In 2026, the focus has shifted to multi-step speculation with consistency guarantees — systems that run 2–3 rounds of speculation per verification step, further increasing the tokens-per-forward-pass ratio without breaking the lossless property. Google's internal Gemini serving stack reportedly uses a three-level cascade: a tiny (1B) model, a medium (8B) model, and the full verifier, where the medium model serves as both a verifier for the tiny model and a draft for the full verifier.

What Engineers Should Do Now

If you are building or operating LLM inference infrastructure, speculative decoding should be on your radar for any latency-sensitive workload. Concrete steps:

  • Evaluate your batch size profile first. If p95 concurrent requests per replica is below 8, speculative decoding will almost certainly help. Above 32, the gains may be marginal and memory overhead may not be worth it.
  • Use vLLM or SGLang as your starting point. Both ship production-ready speculative decoding. In vLLM, set --speculative-model and --num-speculative-tokens. Measure TAR on your actual production traffic before tuning.
  • For on-device or edge deployments, lookahead decoding is often more practical than maintaining two model files.

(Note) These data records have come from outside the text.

Lemma rank_mul_l n A B r : rank_le n B r -> rank_le n (mmul n A B) r.
Proof.
  intros [U HU]. exists (mmul n A U). intros j Hj. destruct (HU j Hj) as [cf Hc].
  exists cf. intros i Hi. unfold mmul. change Cmul with Cmult.
  rewrite (Csum_ext n _ (fun k => Csum r (fun l => Cmult (cf l) (Cmult (A i k) (U k l))))).
  - rewrite Csum_swap. apply Csum_ext; intros. rewrite Csum_mull; auto.
  - intros k Hk. rewrite Hc, <- Csum_mull by auto. apply Csum_ext; intros; cring.
Qed.

Lemma rank_mul_r n A B r : rank_le n A r -> rank_le n (mmul n A B) r.
Proof.
  intros [U HU].
  assert (Hc : forall k, exists c : nat -> Cpx, (k < n)%nat ->
    forall i, (i < n)%nat -> A i k = Csum r (fun l => Cmul (c l) (U i l))).
  { intros k. destruct (lt_dec k n) as [Hk|Hk].
    - destruct (HU k Hk) as [c Hc]. exists c; auto.
    - exists (fun _ => RtoC 0); intros; lia. }
  apply choice in Hc. destruct Hc as [cf Hcf]. exists U. intros j Hj.
  exists (fun l => Csum n (fun k => Cmult (cf k l) (B k j))). intros i Hi. unfold mmul. change Cmul with Cmult.
  rewrite (Csum_ext n _ (fun k => Csum r (fun l => Cmult (Cmult (cf k l) (B k j)) (U i l)))).
  - rewrite Csum_swap. apply Csum_ext; intros. rewrite Csum_mulr; auto.
  - intros k Hk. rewrite (Hcf k Hk i Hi), <- Csum_mulr. apply Csum_ext; intros; cring.
Qed.

Lemma rank_zero n X : meq n X mzero -> rank_le n X 0.
Proof. intros H. exists mzero. intros j Hj. exists (fun _ => RtoC 0). intros i Hi. rewrite H by auto. reflexivity. Qed.

Lemma rank_msum n K A r : (forall m, (m < K)%nat -> rank_le n (A m) r) -> rank_le n (msum K A) (K * r).
Proof.
  induction K; intros H; [apply rank_zero; intros i j _ _; reflexivity|].
  apply (rank_meq n (madd (msum K A) (A K))); [intros i j _ _; reflexivity|].
  replace (S K * r)%nat with (K * r + r)%nat by lia.
  apply rank_add; [apply IHK; intros|]; apply H; lia.
Qed.

Lemma rank_le_of_cols n X r s :
  (forall j, (j < n)%nat -> (exists l, (l < r)%nat /\ s l = j) \/ (forall i, (i < n)%nat -> X i j = RtoC 0)) ->
  rank_le n X r.
Proof.
  intros H. exists (fun i l => X i (s l)). intros j Hj. destruct (H j Hj) as [[l [Hl Hs]]|Hz].
  - exists (fun m => if Nat.eqb m l then RtoC 1 else RtoC 0). intros i Hi.
    rewrite (Csum_ext r _ (fun m => if Nat.eqb m l then X i j else RtoC 0)), Csum_single; auto.
    intros m Hm. destruct (Nat.eqb_spec m l); subst; cring.
  - exists (fun _ => RtoC 0). intros i Hi. rewrite Hz by auto.
    rewrite (Csum_ext r _ (fun _ => RtoC 0)), Csum_zero; auto. intros; cring.
Qed.

Definition mpow_diff n X Z p : mat := msub (mpow n X p) (mpow n Z p).

Lemma mpow_diff_S n X Z p :
  mpow_diff n X Z (S p) = madd (mmul n (mpow n X p) (msub X Z)) (mmul n (mpow_diff n X Z p) Z).
Proof. apply functional_extensionality; intro i; apply functional_extensionality; intro j.
  unfold mpow_diff, msub, madd, mmul. simpl. unfold mmul. change Cmul with Cmult.
  rewrite <- Csum_plus, <- Csum_minus. apply Csum_ext; intros; cring. Qed.

Lemma rank_mpow_diff n X Z r p : rank_le n (msub X Z) r -> rank_le n (mpow_diff n X Z p) (p * r).
Proof.
  intros Hr. induction p.
  - apply rank_zero. intros i j _ _. unfold mpow_diff, msub, mzero. simpl. cring.
  - rewrite mpow_diff_S. replace (S p * r)%nat with (r + p * r)%nat by lia.
    apply rank_add; [apply rank_mul_l|apply rank_mul_r]; auto.
Qed.

Lemma spec_mpow_diff n X Z B e p : 0 <= B -> 0 <= e ->
  spec_norm_le n X B -> spec_norm_le n Z B -> spec_norm_le n (msub X Z) e ->
  spec_norm_le n (mpow_diff n X Z p) (INR p * B ^ (Nat.pred p) * e).
Proof.
  intros HB He HX HZ HE. induction p.
  - apply spec_mono with 0; [simpl; lra|]. apply spec_of_form_le; [lra|].
    eapply form_le_meq; [|apply form_le_zero].
    intros i j _ _. unfold mpow_diff, msub, mzero; simpl. cring.
  - rewrite mpow_diff_S. assert (0 <= INR p) by apply pos_INR. assert (0 <= B ^ p) by (apply pow_le; lra).
    assert (0 <= B ^ (Nat.pred p)) by (apply pow_le; lra).
    replace (INR (S p) * B ^ (Nat.pred (S p)) * e) with (B ^ p * e + INR p * B ^ (Nat.pred p) * e * B).
    + assert (0 <= INR p * B ^ Nat.pred p * e) by (apply Rmult_le_pos; [apply Rmult_le_pos|]; auto).
      apply spec_add; [nra|nra| |].
      * apply spec_mul; auto. apply spec_pow; auto.
      * apply spec_mul; auto.
    + rewrite S_INR. simpl Nat.pred. destruct p; simpl; [ring|]. ring.
Qed.

(** * The matrix cosine *)

Definition Cseq_cv (u : nat -> Cpx) (l : Cpx) :=
  Un_cv (fun k => fst (u k)) (fst l) /\ Un_cv (fun k => snd (u k)) (snd l).

Lemma Un_cv_const c : Un_cv (fun _ => c) c.
Proof. intros e He. exists 0%nat. intros. unfold Rdist. rewrite Rminus_diag, Rabs_R0. lra. Qed.
Lemma Un_cv_ext u v l : (forall k, u k = v k) -> Un_cv u l -> Un_cv v l.
Proof. intros H Hu e He. destruct (Hu e He) as [N HN]. exists N. intros. rewrite <- H. auto. Qed.
Lemma Un_cv_shift u l K : Un_cv u l -> Un_cv (fun L => u (K + L)%nat) l.
Proof. intros H e He. destruct (H e He) as [N HN]. exists N. intros. apply HN. lia. Qed.
Lemma Un_cv_le u l c : Un_cv u l -> (forall k, u k <= c) -> l <= c.
Proof. intros H Hu. apply (Rle_cv_lim Hu H). apply Un_cv_const. Qed.

Lemma Cseq_cv_const c : Cseq_cv (fun _ => c) c. Proof. split; apply Un_cv_const. Qed.
Lemma Cseq_cv_plus u v a b : Cseq_cv u a -> Cseq_cv v b -> Cseq_cv (fun k => Cplus (u k) (v k)) (Cplus a b).
Proof. intros [H1 H2] [H3 H4]. split; simpl; apply CV_plus; auto. Qed.
Lemma Cseq_cv_minus u v a b : Cseq_cv u a -> Cseq_cv v b -> Cseq_cv (fun k => Cminus (u k) (v k)) (Cminus a b).
Proof. intros [H1 H2] [H3 H4]. split; simpl; apply CV_minus; auto. Qed.
Lemma Cseq_cv_mult u v a b : Cseq_cv u a -> Cseq_cv v b -> Cseq_cv (fun k => Cmult (u k) (v k)) (Cmult a b).
Proof. intros [H1 H2] [H3 H4]. split; simpl.
  - apply CV_minus; apply CV_mult; auto.
  - apply CV_plus; apply CV_mult; auto. Qed.
Lemma Cseq_cv_Csum n u a : (forall i, (i < n)%nat -> Cseq_cv (fun k => u k i) (a i)) ->
  Cseq_cv (fun k => Csum n (u k)) (Csum n a).
Proof. induction n; intros H; simpl; [apply Cseq_cv_const|]. change Cadd with Cplus.
  apply Cseq_cv_plus; [apply IHn; intros|]; apply H; lia. Qed.
Lemma Cseq_cv_Cmod u a : Cseq_cv u a -> Un_cv (fun k => Cmod (u k)) (Cmod a).
Proof. intros [H1 H2]. unfold Cmod. apply (continuity_seq sqrt (fun k => fst (u k) ^ 2 + snd (u k) ^ 2)).
  - apply continuity_pt_sqrt. nra.
  - simpl. rewrite !Rmult_1_r. apply CV_plus; apply CV_mult; auto.
    + eapply Un_cv_ext; [|exact H1]; intros; simpl; ring.
    + eapply Un_cv_ext; [|exact H2]; intros; simpl; ring. Qed.
Lemma Cseq_cv_shift u a K : Cseq_cv u a -> Cseq_cv (fun L => u (K + L)%nat) a.
Proof. intros [H1 H2]. split; apply (Un_cv_shift (fun k => _ (u k))); auto. Qed.
Lemma Cseq_cv_cdot n y x (M : nat -> mat) T :
  (forall i l, (i < n)%nat -> (l < n)%nat -> Cseq_cv (fun L => M L i l) (T i l)) ->
  Cseq_cv (fun L => cdot n y (mvec n (M L) x)) (cdot n y (mvec n T x)).
Proof. intros H. unfold cdot, mvec. apply Cseq_cv_Csum. intros i Hi.
  apply Cseq_cv_mult; [apply Cseq_cv_const|]. apply Cseq_cv_Csum. intros l Hl.
  apply Cseq_cv_mult; [apply H; auto|apply Cseq_cv_const]. Qed.

Lemma Rlim_eq u l : Un_cv u l -> Rlim u = l.
Proof. intros H. unfold Rlim. destruct excluded_middle_informative as [e|e].
  - destruct (constructive_indefinite_description _ e) as [l' Hl']. simpl. eapply UL_sequence; eauto.
  - exfalso; apply e; eauto. Qed.

Lemma cauchy_tail u : (forall e, 0 < e -> exists N, forall K r, (N <= K)%nat -> Rabs (u (K + r)%nat - u K) <= e) ->
  Cauchy_crit u.
Proof. intros H e He. destruct (H (e / 3) ltac:(lra)) as [N HN]. exists N. intros a b Ha Hb.
  unfold Rdist. assert (H1 := HN N (a - N)%nat (le_n N)). assert (H2 := HN N (b - N)%nat (le_n N)).
  replace (N + (a - N))%nat with a in H1 by lia. replace (N + (b - N))%nat with b in H2 by lia.
  replace (u a - u b) with ((u a - u N) - (u b - u N)) by ring.
  eapply Rle_lt_trans; [apply Rabs_triang|]. rewrite Rabs_Ropp. lra. Qed.

Definition cos_coef (m : nat) := (-1) ^ m / INR (fact (2 * m)).
Definition cos_term n W m : mat := mscal (RtoC (cos_coef m)) (mpow n W (2 * m)).
Definition cos_maj B m := B ^ (2 * m) / INR (fact (2 * m)).

Lemma mcos_partial_eq n W K : mcos_partial n W K = msum (S K) (cos_term n W).
Proof. apply functional_extensionality; intro i; apply functional_extensionality; intro j.
  unfold mcos_partial, msum, cos_term, mscal. apply Csum_ext; intros. rewrite Cscale_eq. reflexivity. Qed.

Lemma fact_INR_pos m : 0 < INR (fact m).
Proof. apply lt_0_INR, lt_O_fact. Qed.
Lemma cos_maj_nonneg B m : 0 <= B -> 0 <= cos_maj B m.
Proof. intros. unfold cos_maj. apply Rmult_le_pos; [apply pow_le; auto|left; apply Rinv_0_lt_compat, fact_INR_pos]. Qed.
Lemma Cmod_cos_coef m : Cmod (RtoC (cos_coef m)) = / INR (fact (2 * m)).
Proof. rewrite Cmod_R. unfold cos_coef, Rdiv. rewrite Rabs_mult, pow_1_abs, Rabs_pos_eq; [ring|].
  left; apply Rinv_0_lt_compat, fact_INR_pos. Qed.
Lemma spec_cos_term n W B m : 0 <= B -> spec_norm_le n W B -> spec_norm_le n (cos_term n W m) (cos_maj B m).
Proof. intros HB H. unfold cos_term. replace (cos_maj B m) with (Cmod (RtoC (cos_coef m)) * B ^ (2 * m)).
  - apply spec_scal; [apply pow_le; auto|apply spec_pow; auto].
  - rewrite Cmod_cos_coef. unfold cos_maj; field. apply not_0_INR, fact_neq_0. Qed.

SGLang's lookahead implementation works without any additional weights.
  • Profile domain-specific TAR. If you are serving a narrow domain (legal, medical, code), a domain-fine-tuned draft model will significantly outperform a generic one. The investment in fine-tuning a 1B–3B draft model often pays back in weeks at scale.
  • Watch the EAGLE-2 and MEDUSA-2 ecosystems. These are moving fast. If your target model is in the LLaMA or Mistral family, community-trained draft heads are already available on Hugging Face and require no training investment.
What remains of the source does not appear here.